### YOUR INSTRUCTIONS
For the listing below, return the line containing "maximizing set, hence", the line containing "rewrite !dotp_setcoord lpq", and all lines in between, exactly as written and nothing else.

### DATA TO EXAMINE
(* Tilt e_j towards s e_k until some p ties with the maximizer v of
   coordinate j: the tied set is a subface containing v and p, and if it is the
   whole face then x_j + t s x_k is constant on it. *)
Lemma proper_subface_or_affine l (j : 'I_n) : coord_varies k (face l) ->
  (exists l', face l' \proper face l /\ coord_varies k (face l')) \/
  exists c, forall a b, a \in face l -> b \in face l ->
    u a ord0 j + c * u a ord0 k = u b ord0 j + c * u b ord0 k.
Proof.
move=> [a [b [al bl ab]]]; set S := face l; pose F x := u x ord0 j.
have [v vS vmax] := @arg_maxP _ _ _ a (mem S) F al.
have [w wS vw] : exists2 w, w \in S & u v ord0 k != u w ord0 k.
  have [vak|] := eqVneq (u v ord0 k) (u a ord0 k); last by exists a.
  by exists b; rewrite ?vak.
have [s Gvw] : exists s, s * u v ord0 k < s * u w ord0 k.
  case: (ltgtP (u v ord0 k) (u w ord0 k)) vw => [lt _|gt _|->]; rewrite ?eqxx //.
    by exists 1; rewrite !mul1r.
  by exists (-1); rewrite !mulN1r ltrN2.
pose G x := s * u x ord0 k.
have [t [p [_ pS Gvp Fp Fmax]]] :=
  @breakpoint_tilt _ _ S F G v w vS (fun b bS => vmax b bS) wS Gvw.
pose mu : 'rV[R]_n := delta_mx ord0 j + (t * s) *: delta_mx ord0 k.
have muE x : dotp mu (u x) = F x + t * G x.
  by rewrite dotpDl dotpZl !dotp_deltal /G mulrA.
pose H := [set x in S | [forall y in S, dotp mu (u y) <= dotp mu (u x)]].
have tie_H x : x \in S -> F x + t * G x = F v + t * G v -> x \in H.
  move=> xS xE; rewrite inE xS; apply/forallP => y; apply/implyP => yS.
  by rewrite !muE xE Fmax.
have [HS|HS] := eqVneq H S.
  right; exists (t * s) => x y xS yS.
  have tie x' : x' \in S -> F x' + t * G x' = F v + t * G v.
    rewrite -HS inE => /andP[x'S /forallP/(_ v)/implyP/(_ vS)].
    by rewrite !muE => vle; apply/eqP; rewrite eq_le Fmax.
  by move: (tie x xS) (tie y yS); rewrite /F /G !mulrA => -> ->.
left; have [l' El'] := face_of_face l mu; exists l'; rewrite El'; split.
  by rewrite properEneq HS; apply/subsetP => x; rewrite inE => /andP[].
exists v, p; split; [exact: tie_H | exact: tie_H | ].
by apply: contraTneq Gvp => e; rewrite /G e ltxx.
Qed.

Lemma affine_coords_segment S : coord_varies k S ->
  (forall j, j != k -> exists c, forall a b, a \in S -> b \in S ->
    u a ord0 j + c * u a ord0 k = u b ord0 j + c * u b ord0 k) ->
  exists p q, [/\ p \in S, q \in S, u p ord0 k != u q ord0 k &
    forall a, a \in S -> segment (u p) (u q) (u a)].
Proof.
move=> [a [b [aS bS ab]]] affine; pose F x := u x ord0 k.
have [p pS pmax'] := @arg_maxP _ _ _ a (mem S) F aS.
have [q qS qmin'] := @arg_minP _ _ _ a (mem S) F aS.
have pmax x : x \in S -> F x <= F p by exact: pmax'.
have qmin x : x \in S -> F q <= F x by exact: qmin'.
have Fqp : F q < F p.
  rewrite lt_neqAle (le_trans (qmin a aS) (pmax a aS)) andbT.
  apply: contraNneq ab => Fqp; move: (qmin a aS) (pmax a aS) (qmin b bS) (pmax b bS).
  by rewrite Fqp /F => *; apply/eqP; lra.
have Fqp_neq0 : F p - F q != 0 by rewrite subr_eq0 gt_eqF.
exists p, q; split => //; first by apply: contraTneq Fqp => e; rewrite /F e ltxx.
move=> x xS; exists ((F x - F q) / (F p - F q)); split.
  rewrite divr_ge0 ?subr_ge0 ?qmin ?(ltW Fqp) //=.
  by rewrite ler_pdivrMr ?subr_gt0 // mul1r lerD2r pmax.
apply/rowP => i; rewrite !mxE; have [->|ik] := eqVneq i k.
  by rewrite /F; field.
have [c hc] := affine i ik.
have e1 : u x ord0 i = u q ord0 i + c * (u q ord0 k - u x ord0 k).
  by have := hc x q xS qS; rewrite mulrBr; lra.
have e2 : u p ord0 i = u q ord0 i + c * (u q ord0 k - u p ord0 k).
  by have := hc p q pS qS; rewrite mulrBr; lra.
by rewrite e1 e2 /F; field.
Qed.

Lemma exposed_edge l : coord_varies k (face l) ->
  exists l' p q, [/\ face l' \subset face l, p \in face l', q \in face l',
    u p ord0 k != u q ord0 k &
    forall a, a \in face l' -> segment (u p) (u q) (u a)].
Proof.
have [N] := ubnP #|face l|; elim: N l => // N IH l /ltnSE le_lN lvar.
case: (boolp.pselect
  (exists l', face l' \proper face l /\ coord_varies k (face l'))).
  move=> [l' [ll' l'var]].
  have [l'' [p [q [sub pl'' ql'' pqk onseg]]]] :=
    IH l' (leq_trans (proper_card ll') le_lN) l'var.
  by exists l'', p, q; split=> //; apply: subset_trans sub (proper_sub ll').
move=> no_sub; have [|p [q [pl ql pqk onseg]]] := affine_coords_segment lvar.
  by move=> j _; case: (proper_subface_or_affine j lvar) => // /no_sub.
by exists l, p, q; split.
Qed.

End Edges.
End Faces.

Section Box.
Variables (R : realFieldType) (n : nat).
Implicit Types (l x y lo hi : 'rV[R]_n).

Definition setcoord x (i : 'I_n) (c : R) : 'rV[R]_n :=
  \row_m (if m == i then c else x ord0 m).

Definition box_corner lo hi (s : {ffun 'I_n -> bool}) : 'rV[R]_n :=
  \row_i (if s i then hi ord0 i else lo ord0 i).

Lemma dotp_setcoord l x i c :
  dotp l (setcoord x i c) = dotp l x + l ord0 i * (c - x ord0 i).
Proof.
rewrite /dotp (bigD1 i) //= [in RHS](bigD1 i) //= mxE eqxx.
rewrite (eq_bigr (fun m => l ord0 m * x ord0 m)) => [|m /negbTE mi].
  by rewrite mulrBr addrAC addrCA subrr addr0.
by rewrite mxE mi.
Qed.

(* Exchanging coordinate i between the endpoints stays in B and in the
   maximizing set, hence on the segment, which forces the parameter to be 0. *)
Lemma exposed_segment_axis (B : 'rV[R]_n -> Prop) l p q :
  (forall x y i, B x -> B y -> B (setcoord x i (y ord0 i))) ->
  (forall x, argmax_lin B l x <-> segment p q x) ->
  forall i j, i != j -> p ord0 i != q ord0 i -> p ord0 j = q ord0 j.
Proof.
move=> Bswap seg i j ij pqi.
have [[Bp pmax] [Bq qmax]] : argmax_lin B l p /\ argmax_lin B l q.
  split; apply/seg; [exists 1 | exists 0]; rewrite ler01 lexx; split=> //.
    by rewrite subrr scale0r addr0 scale1r.
  by rewrite subr0 scale0r scale1r add0r.
have lpq : dotp l p = dotp l q by apply/eqP; rewrite eq_le pmax // qmax.
pose z := setcoord p i (q ord0 i).
have := qmax _ (Bswap _ _ i Bq Bp); have := pmax z (Bswap _ _ i Bp Bq).
rewrite !dotp_setcoord lpq !mulrBr => le_pq le_qp.
have zmax : argmax_lin B l z.
  split=> [|y By]; first exact: Bswap.
  by rewrite dotp_setcoord lpq mulrBr; have := pmax y By; lra.
have [t [_ zE]] := (seg z).1 zmax.
have zi := congr1 (fun v : 'rV[R]_n => v ord0 i) zE.
have zj := congr1 (fun v : 'rV[R]_n => v ord0 j) zE.
rewrite /= !mxE eqxx in zi; rewrite /= !mxE eq_sym (negbTE ij) in zj.
have : t * (p ord0 i - q ord0 i) = 0 by move: zi; rewrite mulrBl mulrBr mul1r; lra.
move/eqP; rewrite mulf_eq0 subr_eq0 (negbTE pqi) orbF => /eqP t0.
by move: zj; rewrite t0 mul0r add0r subr0 mul1r.
Qed.

Lemma itv_convex_comb (a b x : R) : a <= x <= b ->
  exists t, 0 <= t <= 1 /\ x = t * b + (1 - t) * a.
Proof.
move=> /andP[ax xb]; have [ab|ab] := eqVneq a b.
  exists 1; rewrite ler01 lexx subrr mul0r addr0 mul1r; split=> //.
  by apply/eqP; rewrite eq_le xb -ab ax.
have ba_gt0 : 0 < b - a by rewrite subr_gt0 lt_neqAle ab (le_trans ax xb).
exists ((x - a) / (b - a)); split; last by field; rewrite gt_eqF.
by rewrite divr_ge0 ?(ltW ba_gt0) ?subr_ge0 //= ler_pdivrMr // mul1r lerD2r.
Qed.

(* Corner s gets the product weight prod_i (al i or 1 - al i): hi is chosen in
   coordinate i with probability al i, independently. *)
Lemma box_sub_conv_corners lo hi x :
  (forall i, lo ord0 i <= x ord0 i <= hi ord0 i) ->
  conv (fun y => exists s, y = box_corner lo hi s) x.
Proof.
move=> xbox; have /fin_all_exists [al hal] := fun i => itv_convex_comb (xbox i).
pose W (s : {ffun 'I_n -> bool}) := \prod_i (if s i then al i else 1 - al i).
have W_ge0 s : 0 <= W s.
  apply: prodr_ge0 => i _; have [/andP[al0 al1] _] := hal i.
  by case: (s i); rewrite ?subr_ge0.
have W_sum1 : \sum_s W s = 1.
  rewrite /W -(bigA_distr_bigA (fun i (b : bool) => if b then al i else 1 - al i)).
  by rewrite big1 // => i _; rewrite big_bool /= addrC subrK.
have W_coord i0 : \sum_s W s * box_corner lo hi s ord0 i0 = x ord0 i0.
  pose c i (b : bool) := (if b then al i else 1 - al i) *
    (if i == i0 then (if b then hi ord0 i else lo ord0 i) else 1).
  transitivity (\sum_(s : {ffun 'I_n -> bool}) \prod_i c i (s i)).
    apply: eq_bigr => s _; rewrite /c big_split /= mxE; congr (_ * _).
    by rewrite (bigD1 i0) //= eqxx big1 ?mulr1 // => i /negbTE ->.
  rewrite -(bigA_distr_bigA c) (bigD1 i0) //= [X in _ * X]big1.
    by rewrite big_bool /c eqxx /= (hal i0).2 /=; ring.
  by move=> i /negbTE ne; rewrite big_bool /c ne /=; ring.
have -> : x = \sum_s W s *: box_corner lo hi s.
  apply/rowP => i; rewrite summxE -[LHS]/(x ord0 i) -W_coord.
  by apply: eq_bigr => s _; rewrite [RHS]mxE.
by apply: conv_finsum => // s; exists s.
Qed.

End Box.

Section PayoffBox.
Variables (R : realFieldType) (n : nat) (T : finType) (u : T -> 'rV[R]_n).

Notation lo := (\row_i fmin (fun a => u a ord0 i)).
Notation hi := (\row_i fmax (fun a => u a ord0 i)).

Lemma conv_sub_Fstar x : conv (payoffs u) x -> Fstar u x.
Proof.
move=> Vx i; rewrite -!(dotp_deltal i x); apply/andP; split.
  apply: conv_dotp_ge Vx => _ [a ->]; rewrite dotp_deltal.
  exact: (fmin_le (fun a => u a ord0 i)).
apply: conv_dotp_le Vx => _ [a ->]; rewrite dotp_deltal.
exact: (le_fmax (fun a => u a ord0 i)).
Qed.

### EXPECTED ANSWER
   maximizing set, hence on the segment, which forces the parameter to be 0. *)
Lemma exposed_segment_axis (B : 'rV[R]_n -> Prop) l p q :
  (forall x y i, B x -> B y -> B (setcoord x i (y ord0 i))) ->
  (forall x, argmax_lin B l x <-> segment p q x) ->
  forall i j, i != j -> p ord0 i != q ord0 i -> p ord0 j = q ord0 j.
Proof.
move=> Bswap seg i j ij pqi.
have [[Bp pmax] [Bq qmax]] : argmax_lin B l p /\ argmax_lin B l q.
  split; apply/seg; [exists 1 | exists 0]; rewrite ler01 lexx; split=> //.
    by rewrite subrr scale0r addr0 scale1r.
  by rewrite subr0 scale0r scale1r add0r.
have lpq : dotp l p = dotp l q by apply/eqP; rewrite eq_le pmax // qmax.
pose z := setcoord p i (q ord0 i).
have := qmax _ (Bswap _ _ i Bq Bp); have := pmax z (Bswap _ _ i Bp Bq).
rewrite !dotp_setcoord lpq !mulrBr => le_pq le_qp.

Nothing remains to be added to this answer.